Por JULIAN RODRIGUES*
O desabafo de Pigossi, além de comovente, revela uma pessoa disposta a se engajar na luta coletiva e deve ser respeitado
Em 26 de novembro de 2021, o ex-global, o lindo e talentoso ator Marcos Pigossi postou no Insta uma foto com seu namorado italiano, e ainda lacrou na legenda: “chocando zero pessoas”. Morando nos EUA, Pigossi pode ser visto na série interessantíssima série da Netflix, Cidade invisível. Repercussão super positiva a saída do armário de um ator com uma trajetória de “galã”. Um tijolinho a mais na luta.
A revista Piauí traz agora uma bela entrevista-depoimento de Pigossi. Ele conta de maneira sincera, politizada e emocionante sua trajetória de vida. Seus conflitos internos. Suas fragilidades, dúvidas. Como temia estragar a carreira de ator na Globo, de “galã”, se assumisse publicamente sua sexualidade.
O desabafo de Pigossi, além de comovente, nos revela uma pessoa disposta a se engajar na luta coletiva. Ele reconhece e elogia toda ação dos movimentos LGBTI, e meio que se põe a ser um soldado da batalha contra a opressão sexual e de gênero.
Ah, mas lá vem a “lacrolândia”. Ao invés de parabenizar o ator e o chamar para o engajamento concreto no movimento social, vem a turma questionar o fato de Pigossi ser uma pessoa branca, de classe média alta e cisgênero. Como se isso tornasse seu sofrimento algo menor.
Pior ainda: vimos postagens “críticas” com zero empatia e de noção política (e no caso, de muitos, a vontade de surfar na onda alheia pra ganhar cliques).
A turma que quer parecer radical, mas só “milita nas redes”. Gays brancos de classe média querendo ser “politicamente corretos”, problematizando a saída do armário de um gay branco de classe média.

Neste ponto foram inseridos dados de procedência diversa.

Lemma in_regime_eventually (Mf : nat -> nat) (P0 : nat) : 0 < c1 -> 0 < c2 ->
  (forall P, (P0 <= P)%N -> (0 < Mf P)%N /\ ~~ odd (Mf P) /\
     c1 * (P%:R / ln P%:R) <= (Mf P)%:R /\ (Mf P)%:R <= c2 * (P%:R / ln P%:R)) ->
  exists Pb, forall P, (Pb <= P)%N -> in_regime P (Mf P).
Proof.
move=> c10 c20 hM; exists (maxn P0 (maxn 2 (Num.truncn (expR (c1 + c2 + expR 1))).+1)) => P.
rewrite !geq_max => /and3P[P0P P2 PB].
have [M0 [_ [lo hi]]] := hM P P0P.
have P_gt0 : 0 < P%:R :> R by rewrite ltr0n (leq_trans _ P2).
have lnB : c1 + c2 + expR 1 <= ln (P%:R : R).
  rewrite -[_ + expR 1]expRK ler_ln ?posrE ?expR_gt0 //.
  by apply: ltW; apply: lt_le_trans (truncnS_gt _) _; rewrite ler_nat.
have e0 : 0 < expR 1 :> R := expR_gt0 1.
have lnP0 : 0 < ln (P%:R : R) by lra.
split => //; [|lra|lra|by rewrite lo hi].
rewrite M0 -(ler_nat R); apply: le_trans hi _.
rewrite -[leRHS](divfK (lt0r_neq0 lnP0)) [leRHS]mulrC.
by apply: ler_wpM2r; [apply: divr_ge0; exact: ltW | lra].
Qed.

Lemma ln_ratio_le P M : 0 < c1 -> in_regime P M ->
  ln (P%:R / M%:R) <= ln (ln (P%:R : R)) + `|ln c1|.
Proof.
move=> c10 [P1 /andP[M0 _] _ _ /andP[lo _]].
have lnP0 : 0 < ln (P%:R : R) by rewrite ln_gt0 // ltr1n.
have M_gt0 : 0 < M%:R :> R by rewrite ltr0n.
have ratio : P%:R / M%:R <= ln (P%:R : R) / c1.
  rewrite ler_pdivrMr //.
  have := ler_wpM2l (divr_ge0 (ltW lnP0) (ltW c10)) lo.
  by rewrite mulrA divfK ?lt0r_neq0 // mulrC divfK ?lt0r_neq0.
apply: le_trans (_ : ln (ln (P%:R : R) / c1) <= _).
  by rewrite ler_ln ?posrE ?divr_gt0 // ltr0n (ltnW P1).
by rewrite lnM ?posrE ?invr_gt0 // lnV ?posrE // lerD2l -normrN ler_norm.
Qed.
Lemma Rn_index_of_Rpr_index (e k : nat) : (e %| n)%N -> coprime k (n %/ e) ->
  exists j f, [/\ (j < n)%N, n1 * a + j%:Z * c1 = e%:Z * f
                & ((n %/ e)%N%:Z %| c1 * k%:Z * f + 1)%Z].
Proof.
move=> e_dvd_n coprime_k_m; set m := (n %/ e)%N in coprime_k_m *.
have n_em : n%:Z = e%:Z * m%:Z by rewrite -PoszM mulnC divnK.
have e_gt0 : (0 < e)%N := dvdn_gt0 n_gt0 e_dvd_n.
have m_gt0 : (0 < m)%N by rewrite divn_gt0 // dvdn_leq.
have [f0 _ m_dvd] : exists2 f0 : nat, (f0 < m)%N & (m%:Z %| - (c1 * k%:Z) * f0%:Z - 1)%Z.
  by apply: modz_solvable; rewrite // coprimeNz coprimezMl coprime_c1_div.
have [j j_lt /dvdzP[s s_eq]] : exists2 j : nat, (j < n)%N &
    (n%:Z %| c1 * j%:Z - (e%:Z * f0%:Z - n1 * a))%Z.
  by apply: modz_solvable; rewrite // coprimez_sym.
exists j, (f0%:Z + s * m%:Z); split => //.
  transitivity (c1 * j%:Z - (e%:Z * f0%:Z - n1 * a) + e%:Z * f0%:Z); first ring.
  by rewrite s_eq n_em; ring.
have -> : c1 * k%:Z * (f0%:Z + s * m%:Z) + 1 =
          - (- (c1 * k%:Z) * f0%:Z - 1) + c1 * k%:Z * s * m%:Z by ring.
by rewrite rpredD ?rpredN // dvdz_mull.
Qed.

Lemma inRn_cusp_decomposition (x y x' y' : R) g w :
  0 < y -> 0 < y' -> inGamma n g -> (x, y) = mob g (mob tau (x', y')) ->
  inRn n x y w <-> exists e : nat, (e %| n)%N /\
    inRpr (n %/ e) (cusp_shift x' e) (e%:R ^+ 2 * y' / (n1 ^+ 2)%:~R) w.
Proof.
move=> y_gt0 y'_gt0 g_Gamma xy_eq; split.
  case=> j [_ w_equiv].
  have [e [k [f [e_dvd_n k_lt coprime_k l_eq m_dvd]]]] := Rpr_index_of_Rn_index j.
  exists e; split => //; exists k; split => //.
  apply: equiv1_trans w_equiv _; first exact: cusp_point_im_gt0 y'_gt0 e_dvd_n.
  exact: Rn_point_equiv_Rpr_point y'_gt0 g_Gamma xy_eq e_dvd_n l_eq m_dvd.
case=> e [e_dvd_n [k [_ coprime_k w_equiv]]].
have [j [f [j_lt l_eq m_dvd]]] := Rn_index_of_Rpr_index e_dvd_n coprime_k.
exists j; split => //; apply: equiv1_trans w_equiv _ => //.
apply: equiv1_sym; first exact: cusp_point_im_gt0 y'_gt0 e_dvd_n.
exact: Rn_point_equiv_Rpr_point y'_gt0 g_Gamma xy_eq e_dvd_n l_eq m_dvd.
Qed.
End SimpleCusp.
Fact dfst_is_nmod_morphism : nmod_morphism dfst. Proof. by []. Qed.
HB.instance Definition _ := GRing.isNmodMorphism.Build D F dfst dfst_is_nmod_morphism.
Fact dfst_is_monoid_morphism : monoid_morphism dfst. Proof. by []. Qed.
HB.instance Definition _ := GRing.isMonoidMorphism.Build D F dfst dfst_is_monoid_morphism.
Fact dsnd_is_nmod_morphism : nmod_morphism dsnd. Proof. by []. Qed.
HB.instance Definition _ := GRing.isNmodMorphism.Build D F dsnd dsnd_is_nmod_morphism.

Lemma dsnd_sum (I : Type) (r : seq I) (P : pred I) (G : I -> D) :
  dsnd (\sum_(i <- r | P i) G i) = \sum_(i <- r | P i) dsnd (G i).
Proof. exact: raddf_sum. Qed.

Lemma dsndM x y : dsnd (x * y) = dfst x * dsnd y + dsnd x * dfst y.
Proof. by []. Qed.

Lemma dual_eq x y : dfst x = dfst y -> dsnd x = dsnd y -> x = y.
Proof. by case: x y => [a b] [c d] /= -> ->. Qed.

Lemma dual_eq0 x : (x == 0) = (dfst x == 0) && (dsnd x == 0).
Proof. by case: x. Qed.

Lemma dn_invE (a b : F) x :
  a != 0 -> dn a b * x = 1 -> x = dn a^-1 (- (b / a ^+ 2)).
Proof.
case: x => x0 x1 an0 /(congr1 (fun y : D => (y.1, y.2))) [ax0 e1].
have x0E : x0 = a^-1 by rewrite -[x0](mulKf an0) ax0 mulr1.
congr pair => //; apply: (mulfI an0); move/eqP: e1; rewrite addr_eq0 => /eqP ->.
by rewrite x0E; field.
Qed.

Lemma map_poly_dual_eq h1 h2 :
  map_poly dfst h1 = map_poly dfst h2 -> map_poly dsnd h1 = map_poly dsnd h2 -> h1 = h2.
Proof.
move=> e1 e2; apply/polyP=> k; apply: dual_eq.
  by have := congr1 (fun q : {poly F} => q`_k) e1; rewrite /= !coef_map.
by have := congr1 (fun q : {poly F} => q`_k) e2; rewrite /= !coef_map.
Qed.

Lemma map_dsndD h1 h2 :
  map_poly dsnd (h1 + h2) = map_poly dsnd h1 + map_poly dsnd h2.
Proof. exact: raddfD. Qed.

Lemma map_dsndB h1 h2 :
  map_poly dsnd (h1 - h2) = map_poly dsnd h1 - map_poly dsnd h2.
Proof. exact: raddfB. Qed.

Lemma map_dsndM h1 h2 :
  map_poly dsnd (h1 * h2) =
  map_poly dfst h1 * map_poly dsnd h2 + map_poly dsnd h1 * map_poly dfst h2.
Proof.
apply/polyP=> k; rewrite coefD coef_map !coefM raddf_sum -big_split /=.
by apply: eq_bigr => i _; rewrite !coef_map.
Qed.
(* Let $N=2^n$, fix a part $S_\beta$ (write $\beta=(S_\beta)$), and let $t$ be a random permutation of $\{0,\dots,N-1\}$ whose distribution is $\delta'$ non-$\beta$-uniform. Fix $\delta>0$ and $\gamma=2^{-m}$. Let $h$ be an arbitrary function on permutations and $r$ a value with $\Pr[h(t)=r]\ge\gamma$, and let $s$ denote $t$ conditioned on $h(t)=r$. Then there exist finitely many distributions $\mathbb{F}_i$, each $(p,\delta+\delta')$ non-$\beta$-uniform with $p=2m/\delta$, an arbitrary distribution $\mathbb{F}'$ on permutations and nonnegative weights $\alpha_i,\gamma'$ with $\sum_i\alpha_i+\gamma'=1$, $\gamma'\le\gamma$, such that the distribution of $s$ equals $\sum_i\alpha_i\mathbb{F}_i+\gamma'\mathbb{F}'$.
   Context: A part is a set $S=\{(x_i,y_i)\}_{i=1}^M$ such that some permutation $\pi$ of $\{0,\dots,N-1\}$ has $\pi(x_i)=y_i$ for all $i$; ''$S\subseteq\mathrm{parts}(t)$'' means $t(x_i)=y_i$ for all $i$. Parts $S,S'$ are distinct if they share no input and $S\cup S'$ is a part. Let $u$ be a uniformly random permutation. The $\beta$-uniform distribution (for $\beta=(S_\beta)$) is the law of $b:=u$ conditioned on $S_\beta\subseteq\mathrm{parts}(u)$. A random permutation $t$ is $\delta$ non-$\beta$-uniform if $\Pr[S\subseteq\mathrm{parts}(t)]\le2^{\delta|S|}\Pr[S\subseteq\mathrm{parts}(b)]$ for every part $S$. It is $(p,\delta)$ non-$\beta$-uniform if there is a part $S_0$ with $|S_0|\le p$ and $\Pr[S_0\subseteq\mathrm{parts}(t)]=1$ such that for every part $S$ distinct from $S_0$, $\Pr[S\subseteq\mathrm{parts}(t)]\le2^{\delta|S|}\Pr[S\subseteq\mathrm{parts}(b)\mid S_0\subseteq\mathrm{parts}(b)]$. *)

From HB Require Import structures.
From mathcomp Require Import all_boot all_order all_algebra all_fingroup.
From mathcomp Require Import reals exp.
Set Implicit Arguments. Unset Strict Implicit. Unset Printing Implicit Defensive.
Import Order.TTheory GRing.Theory Num.Theory.
Local Open Scope ring_scope.

Section Defs.
Variable R : realType.
Variable N : nat.

Notation perm := {perm 'I_N}.

Definition is_dist (P : {ffun perm -> R}) : Prop :=
  (forall s, 0 <= P s) /\ \sum_s P s = 1.

Definition prob (P : {ffun perm -> R}) (E : pred perm) : R := \sum_(s | E s) P s.

(* law of t ~ P conditioned on the event E (0 if the event is null) *)
Definition cond (P : {ffun perm -> R}) (E : pred perm) : {ffun perm -> R} :=
  [ffun s => if E s then P s / prob P E else 0].

Definition unif : {ffun perm -> R} := [ffun _ => (#|perm|%:R)^-1].

(* S \subseteq parts(s) : s(x) = y for all (x,y) in S *)
Definition in_parts (S : {set 'I_N * 'I_N}) : pred perm :=
  fun s => [forall xy in S, s xy.1 == xy.2].

Definition is_part (S : {set 'I_N * 'I_N}) : Prop := exists pi : perm, in_parts S pi.

Definition distinct_parts (S S' : {set 'I_N * 'I_N}) : Prop :=
  (forall xy xy', xy \in S -> xy' \in S' -> xy.1 <> xy'.1) /\ is_part (S :|: S').

Definition beta_unif (Sb : {set 'I_N * 'I_N}) := cond unif (in_parts Sb).

Definition non_beta_uniform (Sb : {set 'I_N * 'I_N}) (delta : R)
    (P : {ffun perm -> R}) : Prop :=
  forall S, is_part S ->
    prob P (in_parts S) <= 2 `^ (delta * #|S|%:R) * prob (beta_unif Sb) (in_parts S).

Definition pd_non_beta_uniform (Sb : {set 'I_N * 'I_N}) (p delta : R)
    (P : {ffun perm -> R}) : Prop :=
  exists S0, [/\ is_part S0, #|S0|%:R <= p, prob P (in_parts S0) = 1 &
    forall S, is_part S -> distinct_parts S S0 ->
      prob P (in_parts S) <=
        2 `^ (delta * #|S|%:R) * prob (cond (beta_unif Sb) (in_parts S0)) (in_parts S)].
End Defs.

From HB Require Import structures.
From mathcomp Require Import all_boot all_order all_algebra all_fingroup.
From mathcomp Require Import reals exp.
From mathcomp Require Import ring.
Import Order.TTheory GRing.Theory Num.Theory.
Local Open Scope ring_scope.
Set Implicit Arguments. Unset Strict Implicit. Unset Printing Implicit Defensive.

(* Let mu <= t be a nonnegative sub-measure of total mass M.  Among the
   parts S with positive beta-uniform probability, pick S maximising
       ratio(S) = Pr_mu[S] / (2^((delta+delta')|S|) Pr_b[S]).
   Since ratio(S) >= ratio(empty) = M and Pr_mu[S] <= Pr_t[S] <= 2^(delta'|S|)
   Pr_b[S], we get M 2^(delta|S|) <= 1, so |S| <= 2m/delta whenever
   M > 2^(-2m).  Maximality against S' u S for every part S' distinct from S
   is exactly the (delta+delta') bound for mu conditioned on S.  Hence the
   conditional law of mu on "S in parts" is a (2m/delta, delta+delta') piece;
   we remove it from mu and recurse on the (strictly smaller) support until
   the remaining mass is at most c (greedy_decomposition).  Applied to t
   restricted to {h = r}, with c = 2^(-m) Pr[h(t) = r], and normalised by
   Pr[h(t) = r], this gives the theorem. *)

Section Measures.
Variables (R : realType) (N : nat).
Local Notation perm := {perm 'I_N}.
Implicit Types (mu : {ffun perm -> R}) (E A B : pred perm).

Definition restrict mu E : {ffun perm -> R} := [ffun x => if E x then mu x else 0].

(* The points where mu does not vanish; greedy peeling shrinks it. *)
Definition supp mu : {set perm} := [set x | mu x != 0].

Lemma prob_ge0 mu E : (forall x, 0 <= mu x) -> 0 <= prob mu E.
Proof. by move=> mu_ge0; apply: sumr_ge0. Qed.

Lemma prob_neq0_witness mu E : prob mu E != 0 -> exists x, E x && (mu x != 0).
Proof.
case: (pickP (fun x => E x && (mu x != 0))) => [x Ex|none]; first by exists x.
by rewrite /prob big1 ?eqxx // => x Ex; move: (none x); rewrite Ex => /negbFE/eqP.
Qed.

Lemma prob_cond mu A B : prob (cond mu A) B = prob mu (fun x => B x && A x) / prob mu A.
Proof.
rewrite /prob /cond; under eq_bigr do rewrite ffunE.
by rewrite -big_mkcondr -mulr_suml.
Qed.

Lemma cond_dist mu E : (forall x, 0 <= mu x) -> 0 < prob mu E ->
  is_dist (cond mu E) /\ prob (cond mu E) E = 1.
Proof.
move=> mu_ge0 E_gt0; have selfE : prob (cond mu E) E = 1.
  rewrite prob_cond (_ : prob mu _ = prob mu E) ?divff ?gt_eqF //.
  by apply: eq_bigl => x; rewrite andbb.
split=> //; split=> [x|].
  by rewrite /cond ffunE; case: ifP => _ //; rewrite divr_ge0 ?mu_ge0 ?ltW.
by change (prob (cond mu E) xpredT = 1); rewrite prob_cond divff ?gt_eqF.
Qed.

Lemma restrict_ge0 mu E x : (forall y, 0 <= mu y) -> 0 <= restrict mu E x.
Proof. by move=> mu_ge0; rewrite ffunE; case: ifP. Qed.

Lemma restrict_le mu E x : (forall y, 0 <= mu y) -> restrict mu E x <= mu x.
Proof. by move=> mu_ge0; rewrite ffunE; case: ifP. Qed.

Lemma sum_restrict mu E : \sum_x restrict mu E x = prob mu E.
Proof. by rewrite /prob [RHS]big_mkcond; apply: eq_bigr => x _; rewrite ffunE. Qed.

Lemma cond_restrict mu E x : cond mu E x = restrict mu E x / prob mu E.
Proof. by rewrite !ffunE; case: ifP; rewrite ?mul0r. Qed.

Lemma restrict_split mu E x :
  prob mu E != 0 -> mu x = prob mu E * cond mu E x + restrict mu (predC E) x.
Proof.
move=> E_neq0; rewrite !ffunE /=; case: ifP => _; last by rewrite mulr0 add0r.
by rewrite addr0 mulrCA divff ?mulr1.
Qed.

Lemma supp_restrict_lt mu E x :
  E x -> mu x != 0 -> (#|supp (restrict mu (predC E))| < #|supp mu|)%N.
Proof.
move=> Ex mux; apply: proper_card; apply/properP; split.
  by apply/subsetP => y; rewrite !inE /restrict ffunE; case: ifP; rewrite ?eqxx.
by exists x; rewrite !inE // /restrict ffunE /= Ex eqxx.
Qed.

Lemma unif_gt0 (x : perm) : 0 < unif R N x.
Proof. by rewrite ffunE invr_gt0 ltr0n; apply/card_gt0P; exists x. Qed.

Lemma unif_dist : is_dist (unif R N).
Proof.
split=> [x|]; first exact/ltW/unif_gt0.
under eq_bigr do rewrite ffunE.
rewrite sumr_const -[(_ ^-1) *+ _]mulr_natr cardT -cardE mulVf //.
by rewrite pnatr_eq0 -lt0n; apply/card_gt0P; exists 1%g.
Qed.

Lemma scale_to_dist mu : (forall x, 0 <= mu x) ->
  exists F, is_dist F /\ forall x, mu x = (\sum_y mu y) * F x.
Proof.
move=> mu_ge0; have [mass0|mass_neq0] := eqVneq (\sum_y mu y) 0.
  exists (unif R N); split=> [|x]; first exact: unif_dist.
  by rewrite mass0 mul0r (psumr_eq0P _ mass0).
exists [ffun x => mu x / \sum_y mu y]; split=> [|x]; last by rewrite ffunE mulrCA divff ?mulr1.
split=> [x|]; first by rewrite ffunE divr_ge0 ?sumr_ge0.
by under eq_bigr do rewrite ffunE; rewrite -mulr_suml divff.
Qed.

Lemma mixture_mass k (F : 'I_k -> {ffun perm -> R}) (a : 'I_k -> R) nu mu :
  (forall i, is_dist (F i)) -> (forall x, mu x = \sum_i a i * F i x + nu x) ->
  \sum_x mu x = \sum_i a i + \sum_x nu x.
Proof.
move=> F_dist mu_eq; under eq_bigr do rewrite mu_eq.
rewrite big_split /= exchange_big /=; congr (_ + _).
by apply: eq_bigr => i _; rewrite -mulr_sumr (proj2 (F_dist i)) mulr1.
Qed.

End Measures.

Section Parts.
Variables (R : realType) (N : nat).
Local Notation perm := {perm 'I_N}.

Lemma in_partsU (S S' : {set 'I_N * 'I_N}) (x : perm) :
  in_parts (S :|: S') x = in_parts S x && in_parts S' x.
Proof.
apply/forall_inP/andP => [allU|[allS allS']].
  by split; apply/forall_inP => xy xyS; apply: allU; rewrite inE xyS ?orbT.
by move=> xy; rewrite inE => /orP[]; [apply: (forall_inP allS) | apply: (forall_inP allS')].
Qed.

Mas, e as trans? E as pessoas pretas?? E as lésbicas?? Ué, são todas pessoas vítimas do capitalismo racista, machista e cis-heteronormativo. O Pigossi tem a ver o que com isso?
Quantos desses e dessas supostos “radicais” de rede social não passam de “neoliberais progressistas” (Nancy Fraser) que nunca apareceram numa reunião organizativa nem do movimento LGBTI nem do movimento negro, nem de nenhum Partido de esquerda? Menas, bem menas.
Quem acha que apontar o dedo para indivíduos ajuda a melhorar o sistema está todo equivocada. Ainda mais se o indivíduo em questão acaba de fazer algo bonito, progressivo, contar sua dor e se dispor a ajudar uma causa coletiva.
Parem de julgar a dor alheia e hierarquizar opressões. A batalha pela igualdade racial, de gênero, pelas liberdades sexuais e pelos direitos humanos precisa ganhar corações e mentes de todas e todos. Um programa de transformações é antineoliberal, antipatriarcal, antirracista. Na defesa de todas liberdades, dos direitos sexuais e reprodutivos.
É uma luta de todos e todas trabalhadores e oprimidos. Inclusive dos brancos cisgêneros de classe média. Queremos mudar o mundo. Não apontar quem é mais ou menos “privilegiado”. A classe trabalhadora é plural. E a classe média é fundamental no processo de transformações sociais. Apontar o dedo para as pessoas e julgar quem individualmente teve ou não “privilégios” é algo estreito, equivocado, não ajuda em nada.
“Trabalhadores do mundo todo, uni-vos”. (isso inclui homens e mulheres, cis e trans, pretos e brancos, classe média progressista e até setores burgueses em um primeiro momento). Mais generosidade. Mais foco. Menos umbiguismo.
Um beijo ao Marcos Pigossi Bem-vindo à luta.
*Julian Rodrigues, professor e jornalista, é ativista LGBTI e de Direitos Humanos.